Клюв свихнёшь, пока их раскусишь! У нас от такой пищи мозоли на языке! Могли бы вывешивать и несолёное, у нас от солёного животы болят!

Прилетел перекусить, а столовую снегом засыпало! До вечера коноплю раскапывал. Хоть бы навес сделали, что ли!

Кто сделал кормушку без бортиков? Ветер у него в голове! Где рябина, калина и бузина?

Где арбузные и дынные семена? Ой, что-то будет, ой, кто-то рассердится! Георгий Скребицкий.

Белая шубка В ту зиму снег долго не выпадал. Реки и озёра давно льдом покрылись, а снега всё нет и нет. Зимний лес без снега казался хмурым, унылым.

Все листья с деревьев давно опали, перелётные птицы улетели на юг, нигде не пискнет ни одна птичка; только холодный ветер посвистывает среди голых обледенелых сучьев. Шёл я как-то с ребятами по лесу, возвращались мы из соседней деревни. Вышли на лесную поляну.

Вдруг видим — посреди поляны над большим кустом вороны кружат. Каркают, летают вокруг него, то вверх взлетят, то на землю сядут. Наверное, думаю, они там какую-то еду себе нашли.

Стали ближе подходить. Заметили нас вороны — одни в сторону отлетели, по деревьям расселись, а другие и улетать не хотят, так над головой и кружат. Подошли мы к кусту, смотрим — что-то под ним белеет, а что — сквозь частые ветки и не разберём.

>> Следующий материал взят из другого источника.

(* Let $p$ be a propositional variable. In each of the modal fragments $\mathrm{ML}_{\{\oplus_3,\Diamond\}}[\{p\}]$, $\mathrm{ML}_{\{\oplus_3,\Box\}}[\{p\}]$, $\mathrm{ML}_{\{\mathsf{oxor},\Diamond\}}[\{p\}]$, $\mathrm{ML}_{\{\mathsf{oxor},\Box\}}[\{p\}]$, $\mathrm{ML}_{\{\mathsf{aimp},\Diamond\}}[\{p\}]$ and $\mathrm{ML}_{\{\mathsf{aimp},\Box\}}[\{p\}]$, the atomic formula $p$ is not uniquely characterized with respect to that fragment by any finite set of labeled examples; in particular none of these fragments admits finite characterizations.
   Context: $\oplus_3(x,y,z)=x\oplus y\oplus z$, $\mathsf{oxor}(x,y,z)=x\lor(y\oplus z)$, $\mathsf{aimp}(x,y,z)=x\land(y\to z)$. For a Boolean function $g$ and $\heartsuit\in\{\Diamond,\Box\}$, $\mathrm{ML}_{\{g,\heartsuit\}}[\{p\}]$ is the set of modal formulas generated by $\phi::=p\mid g(\phi_1,\phi_2,\phi_3)\mid\heartsuit\phi$, with $g$ interpreted pointwise and the usual Kripke semantics. Formulas are equivalent if they are $\mathbf{K}$-equivalent (true at the same worlds of all Kripke models). A labeled example is $(M,w,\mathrm{lab})$ with $M$ a finite Kripke model, $w$ a world, $\mathrm{lab}\in\{0,1\}$; $\phi$ fits it if ($M,w\models\phi$ iff $\mathrm{lab}=1$). A set $E$ of labeled examples uniquely characterizes $\phi$ with respect to a fragment $L$ if $\phi$ fits all of $E$ and every formula of $L$ fitting all of $E$ is equivalent to $\phi$. A fragment admits finite characterizations if every formula in it is uniquely characterized with respect to it by a finite set of labeled examples. *)

From Stdlib Require List.
From mathcomp Require Import all_boot.
Set Implicit Arguments. Unset Strict Implicit. Unset Printing Implicit Defensive.

Definition xor3 (x y z : bool) : bool := x (+) y (+) z.
Definition oxor (x y z : bool) : bool := x || (y (+) z).
Definition aimp (x y z : bool) : bool := x && (y ==> z).

Inductive modality := Dia | Box.

Inductive form : Type :=
| PVar : form
| GApp : form -> form -> form -> form
| Mod : form -> form.

Fixpoint sat (g : bool -> bool -> bool -> bool) (h : modality)
  (W : Type) (R : W -> W -> Prop) (V : W -> Prop) (phi : form) (w : W) : Prop :=
  match phi with
  | PVar => V w
  | GApp a b c => exists b1 b2 b3 : bool,
      (b1 = true <-> sat g h R V a w) /\ (b2 = true <-> sat g h R V b w) /\
      (b3 = true <-> sat g h R V c w) /\ g b1 b2 b3 = true
  | Mod a => match h with
             | Dia => exists v, R w v /\ sat g h R V a v
             | Box => forall v, R w v -> sat g h R V a v
             end
  end.

Definition equiv g h (phi psi : form) : Prop :=
  forall (W : Type) (R : W -> W -> Prop) (V : W -> Prop) (w : W),
    sat g h R V phi w <-> sat g h R V psi w.

Record example : Type := Example {
  ex_W : finType;
  ex_R : rel ex_W;
  ex_V : pred ex_W;
  ex_w : ex_W;
  ex_lab : bool }.

Definition fits g h (phi : form) (e : example) : Prop :=
  sat g h (fun x y : ex_W e => ex_R x y) (fun x : ex_W e => ex_V x) phi (ex_w e)
  <-> ex_lab e = true.

Definition uniquely_characterizes g h (E : seq example) (phi : form) : Prop :=
  (forall e, List.In e E -> fits g h phi e) /\
  (forall psi, (forall e, List.In e E -> fits g h psi e) -> equiv g h phi psi).

Definition admits_finite_characterizations g h : Prop :=
  forall phi : form, exists E : seq example, uniquely_characterizes g h E phi.

(** For a fixed finite set of examples, every sequence of truth sets of
    [M^k p] (with [M] the modality) is eventually periodic, so there are
    [0 < a] and [0 < L] such that [M^a p] and [M^(a+L) p] agree on all examples.
    Each of the three functions satisfies [g b c c = b], hence
    [g(p, M^a p, M^(a+L) p)] fits every example exactly as [p] does.  It is
    not equivalent to [p], however: on the successor chain of [nat], worlds
    [0], [a] and [a + L] are distinct and can be labelled independently, and
    [g] is not the first projection. *)
From mathcomp Require Import all_boot.
Set Implicit Arguments. Unset Strict Implicit. Unset Printing Implicit Defensive.

Section Semantics.
Variables (g : bool -> bool -> bool -> bool) (h : modality).

Lemma sat_GApp (W : Type) (R : W -> W -> Prop) (V : W -> Prop) x y z w b1 b2 b3 :
  reflect (sat g h R V x w) b1 -> reflect (sat g h R V y w) b2 ->
  reflect (sat g h R V z w) b3 ->
  sat g h R V (GApp x y z) w <-> g b1 b2 b3.
Proof.
move=> Px Py Pz /=; split=> [[c1 [c2 [c3 [Ex [Ey [Ez]]]]]] | g_b].
  by rewrite -(sameP (equivP idP Ex) Px) -(sameP (equivP idP Ey) Py)
             -(sameP (equivP idP Ez) Pz).
by exists b1, b2, b3; do ![split; first exact: iff_sym (rwP _)].
Qed.

Definition mod_set (W : finType) (R : rel W) (S : {set W}) : {set W} :=
  match h with
  | Dia => [set w | [exists v, R w v && (v \in S)]]
  | Box => [set w | [forall v, R w v ==> (v \in S)]]
  end.

Lemma sat_iter_Mod_fin (W : finType) (R : rel W) (V : pred W) k w :
  reflect (sat g h (fun x y => R x y) (fun x => V x) (iter k Mod PVar) w)
          (w \in iter k (mod_set R) [set x | V x]).
Proof.
elim: k w => [|k IHk] w /=; first by rewrite inE; apply: idP.
set S := iter k (mod_set R) _ in IHk *.
rewrite /mod_set; case: h IHk => IHk /=; rewrite inE.
- apply: (iffP existsP) => [[v /andP[Rwv /IHk]] | [v [Rwv /IHk]]] Sv.
    by exists v.
  by exists v; rewrite Rwv.
- apply: (iffP forallP) => Sv v; first by move/(implyP (Sv v))/IHk.
  by apply/implyP=> Rwv; apply/IHk/Sv.
Qed.

Lemma sat_iter_Mod_succ (V : pred nat) k i :
  reflect (sat g h (fun x y : nat => y = x.+1) (fun x => V x) (iter k Mod PVar) i)
          (V (i + k)).
Proof.
elim: k i => [|k IHk] i /=; first by rewrite addn0; apply: idP.
rewrite addnS -addSn; case: h IHk => IHk /=.
- by apply: (iffP (IHk i.+1)) => [Sv | [_ [-> Sv]]] //; exists i.+1.
- by apply: (iffP (IHk i.+1)) => [Sv _ -> | Sv] //; apply: Sv.
Qed.

Lemma sat_GApp_iter_Mod_fin (W : finType) (R : rel W) (V : pred W) m n w :
  sat g h (fun x y => R x y) (fun x => V x)
      (GApp PVar (iter m Mod PVar) (iter n Mod PVar)) w <->
  g (V w) (w \in iter m (mod_set R) [set x | V x])
          (w \in iter n (mod_set R) [set x | V x]).
Proof. by apply: sat_GApp; [apply: idP | apply: sat_iter_Mod_fin ..]. Qed.

Lemma sat_GApp_iter_Mod_succ (V : pred nat) m n i :
  sat g h (fun x y : nat => y = x.+1) (fun x => V x)
      (GApp PVar (iter m Mod PVar) (iter n Mod PVar)) i <->
  g (V i) (V (i + m)) (V (i + n)).
Proof. by apply: sat_GApp; [apply: idP | apply: sat_iter_Mod_succ ..]. Qed.

End Semantics.

Definition periodic_from (T : Type) (u : nat -> T) (a L : nat) : Prop :=
  forall k, a <= k -> u (k + L) = u k.

Lemma iter_periodic_from (T : finType) (f : T -> T) x :
  exists a L, 0 < L /\ periodic_from (fun k => iter k f x) a L.
Proof.
have /trajectP[a lt_a_ord loop_a] := looping_order f x.
exists a, (order f x - a); split=> [|k le_ak]; first by rewrite subn_gt0.
by rewrite -(subnK le_ak) -addnA subnKC ?(ltnW lt_a_ord) // !iterD loop_a.
Qed.

Lemma periodic_from_mul (T : Type) (u : nat -> T) a L j :
  periodic_from u a L -> periodic_from u a (j * L).
Proof.
move=> perL; elim: j => [|j IHj] k le_ak; first by rewrite mul0n addn0.
by rewrite mulSn addnA addnAC perL ?IHj // (leq_trans le_ak) ?leq_addr.
Qed.

Lemma periodic_from_le (T : Type) (u : nat -> T) a b L :
  a <= b -> periodic_from u a L -> periodic_from u b L.
Proof. by move=> le_ab perL k le_bk; apply/perL/(leq_trans le_ab). Qed.

Lemma common_periodic_from (I : Type) (T : I -> Type) (u : forall i, nat -> T i)
    (s : seq I) :
  (forall i, exists a L, 0 < L /\ periodic_from (u i) a L) ->
  exists a L, 0 < L /\ forall i, List.In i s -> periodic_from (u i) a L.
Proof.
move=> per_u; elim: s => [|i s [a [L [L_gt0 per_s]]]]; first by exists 0, 1.
have [b [M [M_gt0 per_i]]] := per_u i.
exists (maxn a b), (L * M); split=> [|j [<- | s_j]]; first by rewrite muln_gt0 L_gt0.
- exact/(periodic_from_le (leq_maxr a b))/periodic_from_mul.
- by rewrite mulnC; exact/(periodic_from_le (leq_maxl a b))/periodic_from_mul/per_s.
Qed.

Section NoFiniteCharacterization.
Variables (g : bool -> bool -> bool -> bool) (h : modality).
Hypothesis g_diag : forall b c, g b c c = b.
Hypothesis g_not_proj : exists b c d, g b c d != b.

Definition truth_set (e : example) (k : nat) : {set ex_W e} :=
  iter k (mod_set h (@ex_R e)) [set x | ex_V x].

Lemma PVar_not_finitely_characterized (E : seq example) :
  ~ uniquely_characterizes g h E PVar.
Proof.
have [a [L [L_gt0 per]]] := common_periodic_from (u := truth_set) E
  (fun e => iter_periodic_from _ _).
pose psi := GApp PVar (iter a.+1 Mod PVar) (iter (a.+1 + L) Mod PVar).
case=> fitsE /(_ psi) psi_equiv.
have psi_fits : forall e, List.In e E -> fits g h psi e.
  move=> e /[dup] /fitsE fits_p /per /(_ a.+1 (leqnSn a)) per_e.
  apply: iff_trans fits_p.
  apply: iff_trans (sat_GApp_iter_Mod_fin _ _ _ _ _ _ _) _.
  by move: per_e; rewrite /truth_set => ->; rewrite g_diag.
have [b [c [d gbcd]]] := g_not_proj.
pose V (i : nat) := [|| (i == 0) && b, (i == a.+1) && c | (i == a.+1 + L) && d].
have := iff_trans (psi_equiv psi_fits nat (fun x y => y = x.+1) (fun x => V x) 0)
                  (sat_GApp_iter_Mod_succ _ _ _ _ _ _).
have LaF : (a.+1 + L == a.+1) = false by rewrite -{2}[a.+1]addn0 eqn_add2l gtn_eqF.
rewrite {}/V /= !add0n !eqxx eq_sym LaF /= !orbF.
by case: b (g b c d) gbcd => [] [] // _ [H1 H2]; [move: (H1 isT) | move: (H2 isT)].
Qed.

End NoFiniteCharacterization.

Theorem propositionB5 (g : bool -> bool -> bool -> bool) (h : modality) :
  (g = xor3 \/ g = oxor \/ g = aimp) ->
  (forall E : seq example, ~ uniquely_characterizes g h E PVar) /\
  ~ admits_finite_characterizations g h.
Proof.
move=> g_cases.
have g_diag : forall b c, g b c c = b by case: g_cases => [|[|]] -> [] [].
have g_not_proj : exists b c d, g b c d != b.
  by case: g_cases => [|[|]] ->; [exists false, true, false ..| exists true, true, false].
have no_char := PVar_not_finitely_characterized (h := h) g_diag g_not_proj.
by split=> // /(_ PVar) [E]; apply: no_char.
Qed.
Lemma drift_psi : drift psi J (psi_tail / (1 + psi_tail)) = 0.
Proof.
rewrite /drift; have -> : head_mass psi J = head_mass psi_profile J / (1 + psi_tail).
  rewrite /head_mass mulr_suml; apply: eq_big_nat => j /andP[_ jJ].
  by rewrite /psi -ltnS jJ mulrAC.
have -> : head_mass psi_profile J = psi_tail * (theta - gamma / J.+1%:R) / gamma.
  by rewrite /psi_tail divfK ?gt_eqF ?subr_gt0 ?psi_cutoff_gt // mulrC mulKf ?gt_eqF.
have K0 := psi_tail_gt0.
by field; rewrite [1 + J%:R]addrC natr1 pnatr_eq0 !gt_eqF //; lra.
Qed.

Lemma gen_L_psi_bounded : exists M, forall n, (0 < n)%N -> `|L psi n| <= M.
Proof. exact: (gen_L_balanced_bounded _ _ _ psi_tail_eq drift_psi). Qed.
End Psi.

Definition dissipative (V : nat -> R) := forall a : R,
  exists N, forall n, (N <= n)%N -> (0 < n)%N -> L V n <= a * V n.

Lemma dissipative_of_linear_decay (V : nat -> R) (c d : R) N : 0 < d ->
  (forall n, (N <= n)%N -> (0 < n)%N -> 0 <= V n /\ L V n <= (c - d * n%:R) * V n) ->
  dissipative V.
Proof.
move=> d0 decay a; have [N' le_N'] := natr_ge_eventually ((c - a) / d).
exists (maxn N N') => n; rewrite geq_max => /andP[Nn N'n] n0.
have [V0 le_LV] := decay n Nn n0; apply: le_trans le_LV _; rewrite ler_wpM2r //.
by have := le_N' n N'n; rewrite ler_pdivrMr // mulrC; lra.
Qed.

Lemma gen_L_le_of_in_S {V n} : in_S V -> (0 < n)%N ->
  L V n <= beta * V n + n%:R * (gamma * S_mass V - theta * V n).
Proof.
move=> VS n0; have [V_ge1 [_ [_ [V_ratio _]]]] := VS.
have growth : beta * n%:R * (V n.+1 - V n) <= beta * V n.
  have := V_ratio n n0; rewrite ler_pdivrMr ?ltr0n // mulrAC ler_pdivlMr ?ltr0n // -natr1.
  by rewrite -mulrA ler_pM2l //; lra.
have splitting : \sum_(1 <= j < n) split_rate gamma n j * (V j + V (n - j)%N - V n)
    <= gamma * n%:R * S_mass V.
  apply: le_trans (_ : \sum_(1 <= j < n) split_rate gamma n j * V j <= _).
    apply: ler_sum_nat => j /andP[j0 jn]; rewrite ler_wpM2l ?split_rate_ge0 //.
    by rewrite -addrA gerDl subr_le0 in_S_le ?subn_gt0 ?leq_subr.
  rewrite (_ : \sum_(1 <= j < n) _ = gamma * n%:R * \sum_(1 <= j < n) V j / (j%:R * j.+1%:R)).
    by rewrite ler_wpM2l ?mulr_ge0 ?ler0n ?(ltW gamma_gt0) ?sum_le_S_mass.
  by rewrite mulr_sumr; apply: eq_bigr => j _; rewrite /split_rate; ring.
rewrite /gen_L; lra.
Qed.

Lemma in_S_dissipative V : in_S V -> dissipative V.
Proof.
move=> VS; have [V_ge1 [_ [V_infty _]]] := VS.
have [N _ V_large] := cvgry_ge V_infty (2 * gamma * S_mass V / theta).
apply: (@dissipative_of_linear_decay V beta (theta / 2) N); first by rewrite divr_gt0.
move=> n Nn n0; have V1 := V_ge1 n n0; split; first lra.
apply: le_trans (gen_L_le_of_in_S VS n0) _.
have := V_large n Nn; rewrite /= ler_pdivrMr // => le_V.
have : 0 <= n%:R * (theta * V n - 2 * gamma * S_mass V) by rewrite mulr_ge0 ?ler0n //; lra.
lra.
Qed.
(* Let $A \in \mathbb{R}^{m \times n}$ and $b \in \mathbb{R}^m$ be such that $\mathcal{P} = \{x \in \mathbb{R}^n : Ax \geq b\}$ is a polytope. Let $G$ be a finite undirected graph whose vertices are pairs $u = (I, X)$ with $I \subset [m]$ and $X \in \mathbb{R}^{n \times (1+m)}$. Suppose that $G$ is nonempty and that for every vertex $u = (I,X)$ of $G$: (i) $\#I = n$; (ii) $A_I X = \tilde b_I$; (iii) $A X \geq_{\mathrm{lex}} \tilde b$; (iv) $u$ has exactly $n$ neighbors in $G$; (v) for every neighbor $u' = (I', X')$ of $u$ in $G$, $\#(I \cap I') = n-1$. Then the vertex-edge graph $G_\mathrm{vert}$ of $\mathcal{P}$ equals the image of $G$ by the map $\varphi : (I,X) \mapsto$ (first column of $X$).
   Context: Let $\tilde b := [\,b \;\; -\mathrm{Id}_m\,] \in \mathbb{R}^{m \times (1+m)}$. For row vectors $\alpha,\beta \in \mathbb{R}^{1+m}$, $\alpha \leq_{\mathrm{lex}} \beta$ means $\alpha = \beta$ or $\alpha_k < \beta_k$ at the first index $k$ where they differ; for matrices with $1+m$ columns, $X \geq_{\mathrm{lex}} Y$ means $X_i \geq_{\mathrm{lex}} Y_i$ for every row $i$. For $I \subset [m]$, $A_I$, $\tilde b_I$ are the submatrices of rows indexed by $I$. A face of $\mathcal{P}$ is a nonempty set of minimizers over $\mathcal{P}$ of some linear function $x \mapsto \langle c, x\rangle$; vertices and edges are faces of dimension 0 and 1; two vertices $v,w$ are adjacent if the segment $[v,w]$ is an edge. $G_\mathrm{vert}$ is the graph on the vertices of $\mathcal{P}$ with this adjacency. The image of a graph $(V,E)$ by $f$ is the graph with vertex set $f(V)$ and edges $\{(f(v),f(w)) : (v,w) \in E,\ f(v) \neq f(w)\}$. *)

From HB Require Import structures.
From mathcomp Require Import all_boot all_order all_algebra.
From mathcomp Require Import reals.
Set Implicit Arguments. Unset Strict Implicit. Unset Printing Implicit Defensive.
Import Order.TTheory GRing.Theory Num.Theory.
Local Open Scope ring_scope.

Раздвинул я ветки, гляжу — заяц, белый- белый как снег. Забился под самый куст, прижался к земле, лежит не шевельнётся.

Тут вылез из сугроба лесной человек в огромной белой папахе. Там, на пеньке, сидит зайчонок. Сложил он белые лапки на белое пузечко, молчит, смотрит на белый лес. На камне у речки — бела Аленушка склонила голову на плечо, подперла белой ладошкой белую щечку. Словесное рисование.

Задание: Включите воображение. Представьте, что каждый из вас художник. Какую цветную иллюстрацию картину вы бы нарисовали к этому тексту? Русские художники не раз признавались в любви к зиме. Вот несколько примеров. Перед вами репродукции картин. Вопрос: перекликается ли миниатюра Н.

Сладкова с сюжетом картин, которые вы увидели? Итак, мы обратились к изображению природы в разных видах искусства: литературе, живописи. А теперь обратимся к теме нашего урока. Запишем число, тему.

Заказать создание сайта у нашего специалиста. Мы можем предложить вам создание сайта любой сложности. Первый шаг вы уже сделали, зарегистрировав доменное имя. Следующими шагами будут заказ хостинга и создание сайта.

А вот зверёк-оборотень. Белые медведи и белые совы. Зайцы, куропатки, белочки. Сидят, лежат и висят. Полон лес диковинных птиц и зверей.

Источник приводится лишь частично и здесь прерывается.